→ **What you are asked to do**:
The task calls for the count of lines containing "andbT" in these records, given as a number with no other words.

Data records

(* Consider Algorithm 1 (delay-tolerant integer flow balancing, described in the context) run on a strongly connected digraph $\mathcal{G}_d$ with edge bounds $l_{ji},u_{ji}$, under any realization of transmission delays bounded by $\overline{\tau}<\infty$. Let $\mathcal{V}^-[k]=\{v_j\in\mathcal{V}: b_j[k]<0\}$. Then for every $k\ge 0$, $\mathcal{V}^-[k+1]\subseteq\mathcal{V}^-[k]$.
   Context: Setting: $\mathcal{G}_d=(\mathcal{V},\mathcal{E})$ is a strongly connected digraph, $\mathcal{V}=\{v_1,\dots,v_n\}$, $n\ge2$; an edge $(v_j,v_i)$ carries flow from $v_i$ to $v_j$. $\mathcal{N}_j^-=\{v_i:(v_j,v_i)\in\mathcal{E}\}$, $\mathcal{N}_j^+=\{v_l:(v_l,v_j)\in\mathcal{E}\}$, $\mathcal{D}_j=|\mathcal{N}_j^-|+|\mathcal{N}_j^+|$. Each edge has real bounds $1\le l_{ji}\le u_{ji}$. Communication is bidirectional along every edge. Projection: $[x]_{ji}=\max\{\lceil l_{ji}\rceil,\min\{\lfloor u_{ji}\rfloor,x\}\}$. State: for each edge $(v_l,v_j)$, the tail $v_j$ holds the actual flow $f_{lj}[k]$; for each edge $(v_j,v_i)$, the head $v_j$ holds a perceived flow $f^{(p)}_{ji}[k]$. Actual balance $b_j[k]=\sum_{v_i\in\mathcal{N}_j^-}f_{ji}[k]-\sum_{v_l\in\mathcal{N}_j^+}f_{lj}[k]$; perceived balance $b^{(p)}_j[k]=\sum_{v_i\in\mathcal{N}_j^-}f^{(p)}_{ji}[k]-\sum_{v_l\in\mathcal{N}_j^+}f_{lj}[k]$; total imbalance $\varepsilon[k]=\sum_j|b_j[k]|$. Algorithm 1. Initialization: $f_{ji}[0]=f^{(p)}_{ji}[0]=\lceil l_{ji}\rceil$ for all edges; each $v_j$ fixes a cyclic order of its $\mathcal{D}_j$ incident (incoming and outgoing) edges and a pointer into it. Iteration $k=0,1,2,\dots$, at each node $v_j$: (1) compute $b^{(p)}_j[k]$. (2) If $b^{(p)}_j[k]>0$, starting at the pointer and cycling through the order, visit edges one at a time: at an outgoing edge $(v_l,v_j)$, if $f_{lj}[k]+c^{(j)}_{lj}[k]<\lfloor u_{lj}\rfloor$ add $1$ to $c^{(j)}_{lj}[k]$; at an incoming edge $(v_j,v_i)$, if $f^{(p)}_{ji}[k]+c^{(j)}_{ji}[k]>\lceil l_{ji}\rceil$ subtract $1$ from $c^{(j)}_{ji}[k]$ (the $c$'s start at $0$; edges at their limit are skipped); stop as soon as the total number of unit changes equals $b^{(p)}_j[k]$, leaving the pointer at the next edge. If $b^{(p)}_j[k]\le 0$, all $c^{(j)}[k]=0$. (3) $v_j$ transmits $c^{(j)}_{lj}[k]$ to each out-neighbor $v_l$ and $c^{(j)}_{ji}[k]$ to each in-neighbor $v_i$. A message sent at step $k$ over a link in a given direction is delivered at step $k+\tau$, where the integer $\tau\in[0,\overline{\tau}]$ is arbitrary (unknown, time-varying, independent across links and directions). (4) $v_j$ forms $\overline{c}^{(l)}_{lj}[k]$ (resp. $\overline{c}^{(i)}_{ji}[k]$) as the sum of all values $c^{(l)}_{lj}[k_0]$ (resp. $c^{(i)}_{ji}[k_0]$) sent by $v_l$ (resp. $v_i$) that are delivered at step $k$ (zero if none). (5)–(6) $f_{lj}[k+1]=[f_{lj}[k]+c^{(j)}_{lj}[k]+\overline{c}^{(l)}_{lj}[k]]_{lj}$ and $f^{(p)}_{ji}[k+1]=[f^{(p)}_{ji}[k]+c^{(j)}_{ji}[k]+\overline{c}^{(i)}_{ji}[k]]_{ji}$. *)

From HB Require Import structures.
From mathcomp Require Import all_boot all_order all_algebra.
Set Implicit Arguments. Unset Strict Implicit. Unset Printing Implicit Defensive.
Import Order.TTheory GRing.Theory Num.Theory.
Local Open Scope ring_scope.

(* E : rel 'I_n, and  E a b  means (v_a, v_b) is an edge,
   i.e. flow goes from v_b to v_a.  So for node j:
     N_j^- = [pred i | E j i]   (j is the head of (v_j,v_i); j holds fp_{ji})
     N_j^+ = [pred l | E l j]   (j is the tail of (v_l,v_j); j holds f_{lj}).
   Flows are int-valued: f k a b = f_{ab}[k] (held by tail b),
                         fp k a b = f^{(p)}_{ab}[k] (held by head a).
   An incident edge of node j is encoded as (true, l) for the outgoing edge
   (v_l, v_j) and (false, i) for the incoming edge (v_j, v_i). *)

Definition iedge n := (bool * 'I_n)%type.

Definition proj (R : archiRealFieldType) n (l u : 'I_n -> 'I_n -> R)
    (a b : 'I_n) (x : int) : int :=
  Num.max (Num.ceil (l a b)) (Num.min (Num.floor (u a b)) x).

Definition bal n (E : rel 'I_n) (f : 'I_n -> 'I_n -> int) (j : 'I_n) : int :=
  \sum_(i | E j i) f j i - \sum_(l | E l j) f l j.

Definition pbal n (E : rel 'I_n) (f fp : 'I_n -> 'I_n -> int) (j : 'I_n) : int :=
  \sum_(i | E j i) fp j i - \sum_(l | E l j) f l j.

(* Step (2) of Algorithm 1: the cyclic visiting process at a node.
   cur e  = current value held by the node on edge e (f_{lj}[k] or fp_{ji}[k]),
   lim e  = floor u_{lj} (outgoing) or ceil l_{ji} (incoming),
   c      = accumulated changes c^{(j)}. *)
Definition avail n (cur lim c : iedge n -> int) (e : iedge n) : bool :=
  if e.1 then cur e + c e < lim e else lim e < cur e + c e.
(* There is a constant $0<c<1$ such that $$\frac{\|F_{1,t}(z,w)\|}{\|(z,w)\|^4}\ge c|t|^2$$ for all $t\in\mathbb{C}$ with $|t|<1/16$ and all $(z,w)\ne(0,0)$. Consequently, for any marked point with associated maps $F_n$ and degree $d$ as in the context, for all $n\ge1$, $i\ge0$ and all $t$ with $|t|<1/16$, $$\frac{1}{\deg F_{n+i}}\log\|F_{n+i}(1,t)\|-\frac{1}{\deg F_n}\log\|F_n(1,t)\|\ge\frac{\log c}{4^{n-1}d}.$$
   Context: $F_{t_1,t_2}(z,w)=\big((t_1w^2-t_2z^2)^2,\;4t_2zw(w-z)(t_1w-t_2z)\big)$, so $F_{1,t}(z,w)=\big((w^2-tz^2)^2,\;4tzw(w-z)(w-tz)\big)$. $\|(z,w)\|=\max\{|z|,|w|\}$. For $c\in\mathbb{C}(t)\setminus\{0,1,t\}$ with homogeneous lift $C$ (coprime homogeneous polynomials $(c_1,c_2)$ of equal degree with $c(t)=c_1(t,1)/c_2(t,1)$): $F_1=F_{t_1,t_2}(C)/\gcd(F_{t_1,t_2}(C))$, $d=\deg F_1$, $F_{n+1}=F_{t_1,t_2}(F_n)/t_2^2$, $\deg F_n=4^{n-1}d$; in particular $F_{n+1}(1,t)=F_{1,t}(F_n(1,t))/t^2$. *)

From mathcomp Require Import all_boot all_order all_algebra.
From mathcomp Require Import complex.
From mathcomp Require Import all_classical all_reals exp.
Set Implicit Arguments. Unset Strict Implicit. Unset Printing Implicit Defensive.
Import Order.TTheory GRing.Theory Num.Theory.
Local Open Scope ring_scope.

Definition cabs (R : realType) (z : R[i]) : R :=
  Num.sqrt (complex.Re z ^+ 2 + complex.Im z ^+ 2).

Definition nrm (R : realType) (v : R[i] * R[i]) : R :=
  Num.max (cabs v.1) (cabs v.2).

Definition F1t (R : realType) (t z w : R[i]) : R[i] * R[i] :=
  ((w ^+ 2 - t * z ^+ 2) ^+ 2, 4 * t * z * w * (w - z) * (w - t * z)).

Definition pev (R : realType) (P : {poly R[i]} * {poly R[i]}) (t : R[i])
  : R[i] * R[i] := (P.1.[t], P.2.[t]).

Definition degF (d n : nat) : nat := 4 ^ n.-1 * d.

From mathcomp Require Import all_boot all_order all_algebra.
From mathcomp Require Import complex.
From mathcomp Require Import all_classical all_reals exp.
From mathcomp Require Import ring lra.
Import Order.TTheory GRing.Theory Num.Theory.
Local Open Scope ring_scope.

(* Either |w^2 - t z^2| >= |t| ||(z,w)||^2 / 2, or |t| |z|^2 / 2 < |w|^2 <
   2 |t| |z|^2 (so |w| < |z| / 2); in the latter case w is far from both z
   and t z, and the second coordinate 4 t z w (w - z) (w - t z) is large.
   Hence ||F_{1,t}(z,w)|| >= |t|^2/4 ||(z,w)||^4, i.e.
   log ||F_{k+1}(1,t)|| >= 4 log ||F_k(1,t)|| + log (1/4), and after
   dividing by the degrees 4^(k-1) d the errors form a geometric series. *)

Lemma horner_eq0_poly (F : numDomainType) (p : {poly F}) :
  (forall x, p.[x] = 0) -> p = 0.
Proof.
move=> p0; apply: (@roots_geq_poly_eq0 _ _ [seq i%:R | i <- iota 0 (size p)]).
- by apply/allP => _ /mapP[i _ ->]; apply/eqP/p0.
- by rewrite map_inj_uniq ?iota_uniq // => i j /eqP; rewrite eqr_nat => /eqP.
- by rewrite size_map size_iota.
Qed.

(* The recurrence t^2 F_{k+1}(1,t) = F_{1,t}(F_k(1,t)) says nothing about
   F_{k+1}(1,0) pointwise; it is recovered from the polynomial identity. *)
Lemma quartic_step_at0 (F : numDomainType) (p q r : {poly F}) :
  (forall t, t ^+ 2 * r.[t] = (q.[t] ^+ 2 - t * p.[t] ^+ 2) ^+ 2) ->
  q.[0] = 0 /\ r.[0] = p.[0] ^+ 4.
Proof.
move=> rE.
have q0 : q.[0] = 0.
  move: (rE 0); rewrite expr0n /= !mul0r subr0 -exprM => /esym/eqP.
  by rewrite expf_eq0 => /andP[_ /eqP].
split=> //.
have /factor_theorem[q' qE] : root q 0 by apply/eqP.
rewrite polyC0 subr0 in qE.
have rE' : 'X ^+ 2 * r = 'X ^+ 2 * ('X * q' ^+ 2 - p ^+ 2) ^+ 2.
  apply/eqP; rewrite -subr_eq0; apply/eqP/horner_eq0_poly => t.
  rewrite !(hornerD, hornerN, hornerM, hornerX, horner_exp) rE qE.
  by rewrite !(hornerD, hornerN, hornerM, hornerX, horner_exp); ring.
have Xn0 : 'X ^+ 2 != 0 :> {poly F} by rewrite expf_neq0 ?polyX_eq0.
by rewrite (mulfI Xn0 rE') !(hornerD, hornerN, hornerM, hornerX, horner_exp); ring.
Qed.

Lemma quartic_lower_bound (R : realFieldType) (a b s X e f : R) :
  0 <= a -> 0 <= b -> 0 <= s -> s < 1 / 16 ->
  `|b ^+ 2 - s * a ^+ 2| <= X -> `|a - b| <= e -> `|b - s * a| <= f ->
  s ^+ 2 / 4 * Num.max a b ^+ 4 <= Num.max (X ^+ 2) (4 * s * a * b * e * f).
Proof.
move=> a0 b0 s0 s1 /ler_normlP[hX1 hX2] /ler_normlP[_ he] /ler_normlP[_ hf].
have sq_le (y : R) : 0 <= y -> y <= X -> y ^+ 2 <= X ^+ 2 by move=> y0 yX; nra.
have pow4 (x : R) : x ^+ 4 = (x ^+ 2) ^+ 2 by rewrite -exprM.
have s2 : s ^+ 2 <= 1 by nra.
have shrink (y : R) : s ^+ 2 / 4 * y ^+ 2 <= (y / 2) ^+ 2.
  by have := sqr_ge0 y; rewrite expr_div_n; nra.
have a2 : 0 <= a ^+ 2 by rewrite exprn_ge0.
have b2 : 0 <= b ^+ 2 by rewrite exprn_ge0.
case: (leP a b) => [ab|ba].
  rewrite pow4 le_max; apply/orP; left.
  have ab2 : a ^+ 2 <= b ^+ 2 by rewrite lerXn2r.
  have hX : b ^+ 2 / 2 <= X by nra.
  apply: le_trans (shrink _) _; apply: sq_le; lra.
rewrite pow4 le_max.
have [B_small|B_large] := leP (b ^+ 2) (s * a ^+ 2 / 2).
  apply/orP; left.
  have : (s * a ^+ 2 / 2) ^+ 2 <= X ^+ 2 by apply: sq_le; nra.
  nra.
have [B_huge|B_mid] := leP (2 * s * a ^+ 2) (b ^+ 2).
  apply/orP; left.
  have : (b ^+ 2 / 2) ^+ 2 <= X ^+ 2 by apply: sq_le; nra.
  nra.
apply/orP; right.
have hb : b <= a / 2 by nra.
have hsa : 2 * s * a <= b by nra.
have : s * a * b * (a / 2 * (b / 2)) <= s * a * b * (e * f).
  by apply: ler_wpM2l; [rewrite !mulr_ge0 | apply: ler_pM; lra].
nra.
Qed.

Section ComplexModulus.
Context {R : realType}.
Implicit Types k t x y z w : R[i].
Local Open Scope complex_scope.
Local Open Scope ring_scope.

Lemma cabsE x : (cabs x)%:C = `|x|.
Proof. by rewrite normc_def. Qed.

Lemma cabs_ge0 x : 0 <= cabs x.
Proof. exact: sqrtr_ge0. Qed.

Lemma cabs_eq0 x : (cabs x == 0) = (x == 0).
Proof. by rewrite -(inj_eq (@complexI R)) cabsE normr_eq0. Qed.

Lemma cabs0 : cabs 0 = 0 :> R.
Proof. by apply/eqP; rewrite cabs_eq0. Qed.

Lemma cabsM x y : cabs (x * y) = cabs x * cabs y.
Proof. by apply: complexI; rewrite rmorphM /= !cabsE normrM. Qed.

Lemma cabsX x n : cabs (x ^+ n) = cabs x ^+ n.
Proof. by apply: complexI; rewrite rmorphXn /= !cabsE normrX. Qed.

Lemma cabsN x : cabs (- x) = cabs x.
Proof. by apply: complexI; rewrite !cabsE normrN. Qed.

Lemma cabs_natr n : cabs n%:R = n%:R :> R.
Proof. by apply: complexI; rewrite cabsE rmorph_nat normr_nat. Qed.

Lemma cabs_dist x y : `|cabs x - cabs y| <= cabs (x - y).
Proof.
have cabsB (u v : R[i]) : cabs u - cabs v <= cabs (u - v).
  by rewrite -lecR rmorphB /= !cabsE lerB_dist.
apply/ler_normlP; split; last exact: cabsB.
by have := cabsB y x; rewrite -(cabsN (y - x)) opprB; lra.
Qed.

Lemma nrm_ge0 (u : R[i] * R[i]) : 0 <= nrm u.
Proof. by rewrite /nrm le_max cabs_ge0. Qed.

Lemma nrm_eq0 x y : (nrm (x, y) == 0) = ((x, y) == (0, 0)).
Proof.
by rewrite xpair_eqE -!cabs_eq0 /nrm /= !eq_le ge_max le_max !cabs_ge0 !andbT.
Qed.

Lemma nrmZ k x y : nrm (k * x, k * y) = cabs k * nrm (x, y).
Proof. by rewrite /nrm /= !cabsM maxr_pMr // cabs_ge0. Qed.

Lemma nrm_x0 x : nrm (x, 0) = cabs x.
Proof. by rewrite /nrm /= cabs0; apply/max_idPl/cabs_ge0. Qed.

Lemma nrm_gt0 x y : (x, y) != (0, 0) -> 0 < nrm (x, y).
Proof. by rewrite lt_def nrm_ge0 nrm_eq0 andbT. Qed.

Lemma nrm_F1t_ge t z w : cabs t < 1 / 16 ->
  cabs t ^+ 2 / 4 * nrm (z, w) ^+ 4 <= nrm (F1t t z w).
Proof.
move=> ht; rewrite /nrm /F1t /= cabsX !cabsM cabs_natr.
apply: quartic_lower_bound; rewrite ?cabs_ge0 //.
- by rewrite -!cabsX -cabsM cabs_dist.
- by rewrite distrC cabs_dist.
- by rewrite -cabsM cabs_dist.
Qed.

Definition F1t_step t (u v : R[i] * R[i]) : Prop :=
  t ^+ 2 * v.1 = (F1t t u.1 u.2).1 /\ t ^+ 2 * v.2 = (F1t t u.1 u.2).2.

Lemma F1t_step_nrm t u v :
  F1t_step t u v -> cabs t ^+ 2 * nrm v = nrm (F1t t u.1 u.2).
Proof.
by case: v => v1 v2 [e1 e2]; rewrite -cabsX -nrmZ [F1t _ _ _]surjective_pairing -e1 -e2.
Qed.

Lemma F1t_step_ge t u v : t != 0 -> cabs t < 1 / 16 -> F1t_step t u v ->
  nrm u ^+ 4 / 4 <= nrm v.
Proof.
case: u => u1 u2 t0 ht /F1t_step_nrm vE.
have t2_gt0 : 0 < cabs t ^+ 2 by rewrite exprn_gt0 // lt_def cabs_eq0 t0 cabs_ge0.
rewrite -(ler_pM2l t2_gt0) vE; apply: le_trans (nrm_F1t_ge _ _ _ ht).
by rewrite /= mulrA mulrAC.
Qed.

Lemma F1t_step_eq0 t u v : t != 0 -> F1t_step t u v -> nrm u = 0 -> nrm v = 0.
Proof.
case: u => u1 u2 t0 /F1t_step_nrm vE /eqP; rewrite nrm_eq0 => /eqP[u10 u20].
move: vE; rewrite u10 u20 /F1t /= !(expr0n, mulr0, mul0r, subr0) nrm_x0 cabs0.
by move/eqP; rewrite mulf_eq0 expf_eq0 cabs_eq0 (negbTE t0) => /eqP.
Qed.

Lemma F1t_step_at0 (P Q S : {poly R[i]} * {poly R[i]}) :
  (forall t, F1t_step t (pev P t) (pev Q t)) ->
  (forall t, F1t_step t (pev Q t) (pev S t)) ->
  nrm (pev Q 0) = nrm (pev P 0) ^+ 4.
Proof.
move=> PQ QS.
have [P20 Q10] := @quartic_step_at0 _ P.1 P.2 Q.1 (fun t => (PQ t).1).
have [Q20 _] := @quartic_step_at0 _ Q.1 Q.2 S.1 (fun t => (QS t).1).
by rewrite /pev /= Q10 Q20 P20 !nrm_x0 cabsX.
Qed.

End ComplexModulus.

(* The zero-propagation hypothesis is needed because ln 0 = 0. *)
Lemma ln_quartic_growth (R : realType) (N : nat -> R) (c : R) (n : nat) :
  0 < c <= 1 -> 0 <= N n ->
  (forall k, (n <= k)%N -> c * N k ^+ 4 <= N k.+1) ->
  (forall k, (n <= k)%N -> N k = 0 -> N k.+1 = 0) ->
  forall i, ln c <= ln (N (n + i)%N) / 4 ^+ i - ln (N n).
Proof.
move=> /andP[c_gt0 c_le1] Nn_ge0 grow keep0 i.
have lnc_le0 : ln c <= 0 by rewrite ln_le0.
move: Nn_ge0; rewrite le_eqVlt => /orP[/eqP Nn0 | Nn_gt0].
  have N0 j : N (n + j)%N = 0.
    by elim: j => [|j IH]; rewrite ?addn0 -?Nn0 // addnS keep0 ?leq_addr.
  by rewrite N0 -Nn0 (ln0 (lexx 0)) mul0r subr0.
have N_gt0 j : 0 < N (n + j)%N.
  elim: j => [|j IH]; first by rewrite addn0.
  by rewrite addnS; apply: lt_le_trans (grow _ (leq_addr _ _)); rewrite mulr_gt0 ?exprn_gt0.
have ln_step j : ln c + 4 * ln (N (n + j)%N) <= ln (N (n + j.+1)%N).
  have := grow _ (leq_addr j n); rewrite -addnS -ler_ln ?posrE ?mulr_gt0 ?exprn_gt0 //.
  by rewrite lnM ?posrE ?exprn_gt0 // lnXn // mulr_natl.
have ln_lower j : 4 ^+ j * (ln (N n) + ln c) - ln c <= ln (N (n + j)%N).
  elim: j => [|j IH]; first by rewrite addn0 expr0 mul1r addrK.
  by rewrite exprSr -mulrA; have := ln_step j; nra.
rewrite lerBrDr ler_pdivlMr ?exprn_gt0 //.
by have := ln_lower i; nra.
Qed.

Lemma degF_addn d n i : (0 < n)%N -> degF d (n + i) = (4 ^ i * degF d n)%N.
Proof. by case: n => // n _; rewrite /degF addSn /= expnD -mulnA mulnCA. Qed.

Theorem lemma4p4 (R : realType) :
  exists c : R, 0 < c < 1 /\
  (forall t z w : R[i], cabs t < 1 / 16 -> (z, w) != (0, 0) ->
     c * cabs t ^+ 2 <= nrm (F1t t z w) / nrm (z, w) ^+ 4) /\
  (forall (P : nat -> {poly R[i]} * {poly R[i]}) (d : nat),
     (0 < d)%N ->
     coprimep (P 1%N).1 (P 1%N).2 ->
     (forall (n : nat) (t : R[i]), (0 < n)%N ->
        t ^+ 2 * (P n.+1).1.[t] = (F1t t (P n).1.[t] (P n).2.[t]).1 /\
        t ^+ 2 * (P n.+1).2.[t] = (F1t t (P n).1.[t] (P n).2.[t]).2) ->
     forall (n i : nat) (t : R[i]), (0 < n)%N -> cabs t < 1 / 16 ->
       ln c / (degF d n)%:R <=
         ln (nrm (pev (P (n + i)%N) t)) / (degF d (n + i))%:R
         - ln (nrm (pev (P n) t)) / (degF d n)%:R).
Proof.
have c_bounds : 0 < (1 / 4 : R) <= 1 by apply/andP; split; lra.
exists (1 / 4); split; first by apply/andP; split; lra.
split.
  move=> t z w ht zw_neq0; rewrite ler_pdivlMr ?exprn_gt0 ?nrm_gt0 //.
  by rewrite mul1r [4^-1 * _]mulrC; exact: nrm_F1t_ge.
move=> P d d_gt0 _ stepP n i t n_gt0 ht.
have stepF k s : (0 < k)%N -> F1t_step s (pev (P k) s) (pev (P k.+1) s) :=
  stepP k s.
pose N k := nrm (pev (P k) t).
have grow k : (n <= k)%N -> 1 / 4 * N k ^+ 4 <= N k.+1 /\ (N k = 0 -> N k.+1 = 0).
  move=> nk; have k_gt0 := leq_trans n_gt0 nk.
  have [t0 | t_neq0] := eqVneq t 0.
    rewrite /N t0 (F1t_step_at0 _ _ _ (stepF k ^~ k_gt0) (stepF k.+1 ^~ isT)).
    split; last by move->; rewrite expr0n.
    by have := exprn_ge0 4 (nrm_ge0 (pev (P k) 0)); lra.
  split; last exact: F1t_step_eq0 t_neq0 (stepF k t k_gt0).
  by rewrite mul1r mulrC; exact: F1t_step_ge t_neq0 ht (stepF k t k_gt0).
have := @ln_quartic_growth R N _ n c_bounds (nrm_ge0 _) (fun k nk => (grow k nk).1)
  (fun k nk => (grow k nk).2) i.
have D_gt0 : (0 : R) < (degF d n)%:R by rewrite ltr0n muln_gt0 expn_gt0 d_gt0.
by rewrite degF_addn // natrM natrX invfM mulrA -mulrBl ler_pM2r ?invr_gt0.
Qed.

→ **Response for this exercise**:
2